WHAT THE TASK REQUIRES
Work through the entries below line by line and give the number of lines with the string "mathcomp", nothing else.

Stored data entries
(* Let $d\ge 1$, let $\Lambda$ be a $(d-2)$-dimensional simplicial complex with vertex set $[n]$, and let $\Gamma=0*\Lambda$ be the cone over $\Lambda$ with a new apex vertex $0$. Let $p':[n]\to\mathbb{R}^{d-1}$ be such that the coordinates $\{p'(s)_t:s\in[n],t\in[d-1]\}$ are algebraically independent over $\mathbb{Q}$, and set $\mathbb{F}'=\mathbb{Q}(p'(s)_t:s\in[n],t\in[d-1])$. Let $a_1,\dots,a_n\in\mathbb{R}$ be algebraically independent over $\mathbb{F}'$, and let $\mathbb{F}\subseteq\mathbb{R}$ be any field containing $\mathbb{F}'(a_1,\dots,a_n)$. Define $p:\{0,1,\dots,n\}\to\mathbb{F}^d$ by $p(0)=(0,\dots,0,-1)$ and $p(s)=((1+a_s)p'(s),a_s)$ for $s\in[n]$. Then for all $0\le i\le d-1$ there exists an $\mathbb{F}'$-linear map $\psi_i:\mathcal{S}^\ell_i(\Lambda,p';\mathbb{F}')\to\mathcal{S}^\ell_i(\Gamma,p;\mathbb{F})$ such that: (1) for every $\omega'\in\mathcal{S}^\ell_i(\Lambda,p';\mathbb{F}')$, $\mathrm{supp}(\psi_i(\omega'))=\mathrm{skel}_{i-1}(0*\mathrm{supp}(\omega'))$; and (2) with $c'=\sum_{j=1}^n x_j$ and $c=\sum_{j=0}^n x_j$, $\psi_{i-1}(\partial_{c'}\omega')=\partial_c(\psi_i(\omega'))$ for all $\omega'\in\mathcal{S}^\ell_i(\Lambda,p';\mathbb{F}')$ (for $1\le i\le d-1$).
   Context: Simplicial complexes are nonempty families of subsets of a finite vertex set closed under subsets and containing all singletons; an $i$-face has $i+1$ elements. The cone $0*\Lambda=\{\sigma,\sigma\cup\{0\}:\sigma\in\Lambda\}$. $\mathrm{skel}_m(K)$ is the subcomplex of faces of dimension $\le m$. For a complex $K$ with vertex set $W$, a field $\mathbb{K}\subseteq\mathbb{R}$ and a map $r:W\to\mathbb{K}^e$ where $e-1=\dim K$, set $\theta_t=\sum_{v\in W}r(v)_tx_v\in\mathbb{K}[x_v:v\in W]$ for $t\in[e]$, and for a linear form $\ell=\sum_v\ell_vx_v$ let $\partial_\ell=\sum_v\ell_v\,\partial/\partial x_v$. A linear $i$-stress on $(K,r;\mathbb{K})$ is a homogeneous degree-$i$ polynomial $\lambda\in\mathbb{K}[x_v]$ such that every monomial with nonzero coefficient has support (set of variables dividing it) a face of $K$, and $\partial_{\theta_t}\lambda=0$ for all $t\in[e]$; these form the $\mathbb{K}$-vector space $\mathcal{S}^\ell_i(K,r;\mathbb{K})$. For a stress $\lambda$ of degree $i$ and an $(i-1)$-face $\sigma$, $\lambda_\sigma$ is the coefficient of $\prod_{v\in\sigma}x_v$, and $\mathrm{supp}(\lambda)$ is the subcomplex generated by all $(i-1)$-faces $\sigma$ with $\lambda_\sigma\neq0$. *)

From HB Require Import structures.
From mathcomp Require Import all_boot all_order all_algebra.
From mathcomp Require Import reals.
From mathcomp Require Import mpoly.
Set Implicit Arguments. Unset Strict Implicit. Unset Printing Implicit Defensive.
Import Order.TTheory GRing.Theory Num.Theory.
Local Open Scope ring_scope.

ANSWER BOX
3